━━━ Source material ━━━

(* Let $X\in\mathbb{R}^{n\times d}$ and let $f:\mathbb{R}^n\to(-\infty,\infty]$, $g:\mathbb{R}^d\to(-\infty,\infty]$ be proper lower semicontinuous convex functions such that there exists $\beta\in\mathrm{relint}(\mathrm{dom}(g))$ with $X\beta\in\mathrm{relint}(\mathrm{dom}(f))$, and such that $P(\beta):=f(X\beta)+g(\beta)$ attains its infimum over $\mathbb{R}^d$. Let $D(\theta):=-f^\star(-\theta)-g^\star(X^\top\theta)$, assume $f^\star$ is $L$-strongly convex for some $L\ge0$, and let $\hat\theta$ be a maximizer of $D$ over $\mathbb{R}^n$. Let $u:\mathbb{R}^n\to[-\infty,\infty]$ satisfy $D(\theta)\le u(\theta)$ for all $\theta\in\mathbb{R}^n$. Then for every $\tilde\theta\in\mathbb{R}^n$, \[ \hat\theta\in\mathcal{R}(\tilde\theta,u):=\{\theta\mid l(\theta;\tilde\theta)\le u(\theta)\},\qquad l(\theta;\tilde\theta)=\frac{L}{2}\|\theta-\tilde\theta\|_2^2+D(\tilde\theta). \]
   Context: $h^\star(v)=\sup_z v^\top z-h(z)$ denotes the Fenchel conjugate; $\mathrm{dom}(h)=\{z:|h(z)|<\infty\}$; $\mathrm{relint}$ denotes relative interior. *)

From HB Require Import structures.
From mathcomp Require Import all_boot all_order all_algebra.
From mathcomp Require Import all_classical all_reals all_analysis.
Set Implicit Arguments. Unset Strict Implicit. Unset Printing Implicit Defensive.
Import Order.TTheory GRing.Theory Num.Theory.
Import numFieldNormedType.Exports.
Local Open Scope classical_set_scope.
Local Open Scope ring_scope.

Section Defs.
Variable R : realType.

Definition dotv n (u v : 'cV[R]_n) : R := \sum_(i < n) u i 0 * v i 0.
Definition sqnorm2 n (v : 'cV[R]_n) : R := \sum_(i < n) v i 0 ^+ 2.
Definition norm2 n (v : 'cV[R]_n) : R := Num.sqrt (sqnorm2 v).

Local Open Scope ereal_scope.

Definition proper_fun n (h : 'cV[R]_n -> \bar R) : Prop :=
  (forall x, -oo < h x) /\ (exists x, h x < +oo).

Definition econvex n (h : 'cV[R]_n -> \bar R) : Prop :=
  forall (x y : 'cV[R]_n) (t : R), (0 < t < 1)%R ->
    h (t *: x + (1 - t) *: y)%R <= t%:E * h x + (1 - t)%:E * h y.

Definition strongly_convex n (L : R) (h : 'cV[R]_n -> \bar R) : Prop :=
  econvex (fun x => h x - ((L / 2) * sqnorm2 x)%:E).

Definition fconj n (h : 'cV[R]_n -> \bar R) (v : 'cV[R]_n) : \bar R :=
  ereal_sup [set ((dotv v z)%:E - h z)%E | z in [set: 'cV[R]_n]].

Definition edom n (h : 'cV[R]_n -> \bar R) : set 'cV[R]_n :=
  [set z | h z \is a fin_num].

Local Close Scope ereal_scope.

Definition aff_hull n (C : set 'cV[R]_n) : set 'cV[R]_n :=
  [set x | exists (k : nat) (p : 'I_k -> 'cV[R]_n) (w : 'I_k -> R),
     (forall i, C (p i)) /\ \sum_(i < k) w i = 1 /\
     x = \sum_(i < k) w i *: p i].

Definition relint n (C : set 'cV[R]_n) : set 'cV[R]_n :=
  [set x | C x /\ exists e : R, 0 < e /\
     forall y, aff_hull C y -> norm2 (y - x) < e -> C y].

End Defs.

From HB Require Import structures.
From mathcomp Require Import all_boot all_order all_algebra.
From mathcomp Require Import all_classical all_reals all_analysis.
From mathcomp Require Import ring lra.
Set Implicit Arguments. Unset Strict Implicit. Unset Printing Implicit Defensive.
Import Order.TTheory GRing.Theory Num.Theory.
Import numFieldNormedType.Exports.
Local Open Scope classical_set_scope.
Local Open Scope ring_scope.

(* Since f^* is L-strongly convex and g^* is convex, the dual objective
   D(theta) = -f^*(-theta) - g^*(X^T theta) is L-strongly concave; a strongly
   concave function lies at least (L/2) ||theta - theta_hat||^2 below its value
   at a maximizer theta_hat, so D(theta_tilde) + (L/2) ||theta_hat - theta_tilde||^2
   <= D(theta_hat) <= u(theta_hat).  Concavity is only needed at points where D
   is finite. *)

Lemma strongly_concave_max_gap (R : realFieldType) (V : lmodType R)
    (phi : V -> \bar R) (xh x : V) (w : R) :
  0 <= w ->
  (forall a b t, 0 < t < 1 -> phi xh = a%:E -> phi x = b%:E ->
     ((t * a + (1 - t) * b + t * (1 - t) * w)%:E
      <= phi (t *: xh + (1 - t) *: x)%R)%E) ->
  (forall y, (phi y <= phi xh)%E) ->
  (w%:E + phi x <= phi xh)%E.
Proof.
move=> w_ge0 concave xh_max.
have := xh_max x.
case Ex: (phi x) => [b| |]; last 2 first.
- by [].
- by rewrite /= leNye.
case Exh: (phi xh) => [a| |] // _; last by rewrite leey.
have gap_ge : forall t, 0 < t < 1 -> t * w <= a - b.
  move=> t t01; have /andP[t0 t1] := t01.
  have := le_trans (concave a b t t01 Exh Ex) (xh_max _).
  rewrite Exh lee_fin => le_a.
  have : (1 - t) * (t * w - (a - b)) <= 0 by lra.
  by rewrite pmulr_rle0 ?subr_gt0 // subr_le0.
have : (w%:E <= (a - b)%:E)%E.
  apply/lee_mul01Pr; first by rewrite lee_fin.
  by move=> t t01; rewrite -EFinM lee_fin gap_ge.
by rewrite -EFinD !lee_fin; lra.
Qed.

Section Conjugate.
Variables (R : realType) (n : nat).
Implicit Types (h : 'cV[R]_n -> \bar R) (x y v z : 'cV[R]_n).

Lemma dotvDl (a b : R) v1 v2 z :
  dotv (a *: v1 + b *: v2) z = a * dotv v1 z + b * dotv v2 z.
Proof.
rewrite /dotv !mulr_sumr -big_split; apply: eq_bigr => i _; rewrite !mxE /=; ring.
Qed.

Lemma sqnorm2_ge0 v : 0 <= sqnorm2 v.
Proof. by apply: sumr_ge0 => i _; apply: sqr_ge0. Qed.

Lemma sqnorm2N v : sqnorm2 (- v) = sqnorm2 v.
Proof. by apply: eq_bigr => i _; rewrite mxE sqrrN. Qed.

Lemma sqnorm2_convex_comb (t : R) x y :
  sqnorm2 (t *: x + (1 - t) *: y) =
  t * sqnorm2 x + (1 - t) * sqnorm2 y - t * (1 - t) * sqnorm2 (x - y).
Proof.
rewrite /sqnorm2 !mulr_sumr -big_split -sumrB; apply: eq_bigr => i _.
rewrite !mxE /=; ring.
Qed.

Lemma strongly_convex_le (L : R) h x y a b t :
  strongly_convex L h -> 0 < t < 1 -> h x = a%:E -> h y = b%:E ->
  (h (t *: x + (1 - t) *: y)%R
   <= (t * a + (1 - t) * b - t * (1 - t) * (L / 2 * sqnorm2 (x - y)))%:E)%E.
Proof.
move=> h_cvx t01 hx hy; have := h_cvx x y t t01.
rewrite hx hy -!EFinB -!EFinM -EFinD lee_subel_addr // -EFinD.
by rewrite sqnorm2_convex_comb => /le_trans; apply; rewrite lee_fin; lra.
Qed.

Lemma fconj_ge h v z : ((dotv v z)%:E - h z <= fconj h v)%E.
Proof. by apply: ereal_sup_ubound; exists z. Qed.

Lemma fconj_convex_le h v1 v2 s1 s2 t :
  0 < t < 1 -> fconj h v1 = s1%:E -> fconj h v2 = s2%:E ->
  (fconj h (t *: v1 + (1 - t) *: v2)%R <= (t * s1 + (1 - t) * s2)%:E)%E.
Proof.
move=> /andP[t0 t1] h1 h2; apply/ereal_supP => _ [z _ <-].
have := fconj_ge h v1 z; have := fconj_ge h v2 z; rewrite h1 h2.
case: (h z) => [r| |] //; last by move=> _ _; rewrite /= leNye.
rewrite -!EFinB !lee_fin dotvDl => le2 le1.
have t1' : 0 <= 1 - t by rewrite subr_ge0 ltW.
have := ler_wpM2l (ltW t0) le1; have := ler_wpM2l t1' le2.
nra.
Qed.

End Conjugate.

Section Dual.
Variables (R : realType) (n d : nat) (X : 'M[R]_(n, d)).
Variables (f : 'cV[R]_n -> \bar R) (g : 'cV[R]_d -> \bar R).
Implicit Types (theta x y : 'cV[R]_n).

Definition dual_obj theta : \bar R :=
  (- fconj f (- theta) - fconj g (X^T *m theta))%E.

Lemma dual_obj_fin theta c : dual_obj theta = c%:E ->
  exists F G, [/\ fconj f (- theta) = F%:E, fconj g (X^T *m theta) = G%:E
                & c = - F - G].
Proof.
move=> Dc; have : dual_obj theta \is a fin_num by rewrite Dc.
rewrite fin_numB fin_numN => /andP[/fineK eF /fineK eG].
exists (fine (fconj f (- theta))), (fine (fconj g (X^T *m theta))).
split=> //; apply: EFin_inj; by rewrite -Dc /dual_obj EFinB EFinN eF eG.
Qed.

Lemma dual_obj_strongly_concave (L : R) x y a b t :
  strongly_convex L (fconj f) -> 0 < t < 1 ->
  dual_obj x = a%:E -> dual_obj y = b%:E ->
  ((t * a + (1 - t) * b + t * (1 - t) * (L / 2 * sqnorm2 (x - y)))%:E
   <= dual_obj (t *: x + (1 - t) *: y)%R)%E.
Proof.
move=> f_strong t01 /dual_obj_fin[Fx [Gx [eFx eGx ->]]].
move=> /dual_obj_fin[Fy [Gy [eFy eGy ->]]].
have le_f := strongly_convex_le f_strong t01 eFx eFy.
have le_g := fconj_convex_le t01 eGx eGy.
rewrite -[- x - - y]opprD sqnorm2N !scalerN -opprD -leeN2 in le_f.
rewrite !scalemxAr -mulmxDr in le_g.
apply: le_trans (leeB le_f le_g).
by rewrite -EFinN -EFinB lee_fin; lra.
Qed.

End Dual.

Theorem theorem4 (R : realType) (n d : nat) (X : 'M[R]_(n, d))
  (f : 'cV[R]_n -> \bar R) (g : 'cV[R]_d -> \bar R)
  (f_proper : proper_fun f) (f_lsc : lower_semicontinuous f) (f_cvx : econvex f)
  (g_proper : proper_fun g) (g_lsc : lower_semicontinuous g) (g_cvx : econvex g)
  (qualif : exists beta : 'cV[R]_d,
      relint (edom g) beta /\ relint (edom f) (X *m beta))
  (P_attains : exists beta0 : 'cV[R]_d, forall beta : 'cV[R]_d,
      (f (X *m beta0) + g beta0 <= f (X *m beta) + g beta)%E)
  (L : R) (L_ge0 : 0 <= L) (fconj_strong : strongly_convex L (fconj f))
  (theta_hat : 'cV[R]_n)
  (theta_hat_max : forall theta : 'cV[R]_n,
      (- fconj f (- theta) - fconj g (X^T *m theta)
       <= - fconj f (- theta_hat) - fconj g (X^T *m theta_hat))%E)
  (u : 'cV[R]_n -> \bar R)
  (u_ub : forall theta : 'cV[R]_n,
      (- fconj f (- theta) - fconj g (X^T *m theta) <= u theta)%E) :
  forall theta_tilde : 'cV[R]_n,
    (((L / 2) * sqnorm2 (theta_hat - theta_tilde))%:E
      + (- fconj f (- theta_tilde) - fconj g (X^T *m theta_tilde))
     <= u theta_hat)%E.
Proof.
move=> theta_tilde; apply: le_trans (u_ub theta_hat).
have gap_ge0 : 0 <= L / 2 * sqnorm2 (theta_hat - theta_tilde).
  by rewrite mulr_ge0 ?divr_ge0 ?sqnorm2_ge0.
apply: (@strongly_concave_max_gap _ _ (dual_obj X f g)) => // a b t t01 Da Db.
exact: dual_obj_strongly_concave.
Qed.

━━━

If a line in the records above contains the word "andP", copy it.

  move=> t t01; have /andP[t0 t1] := t01.
move=> /andP[t0 t1] h1 h2; apply/ereal_supP => _ [z _ <-].
rewrite fin_numB fin_numN => /andP[/fineK eF /fineK eG].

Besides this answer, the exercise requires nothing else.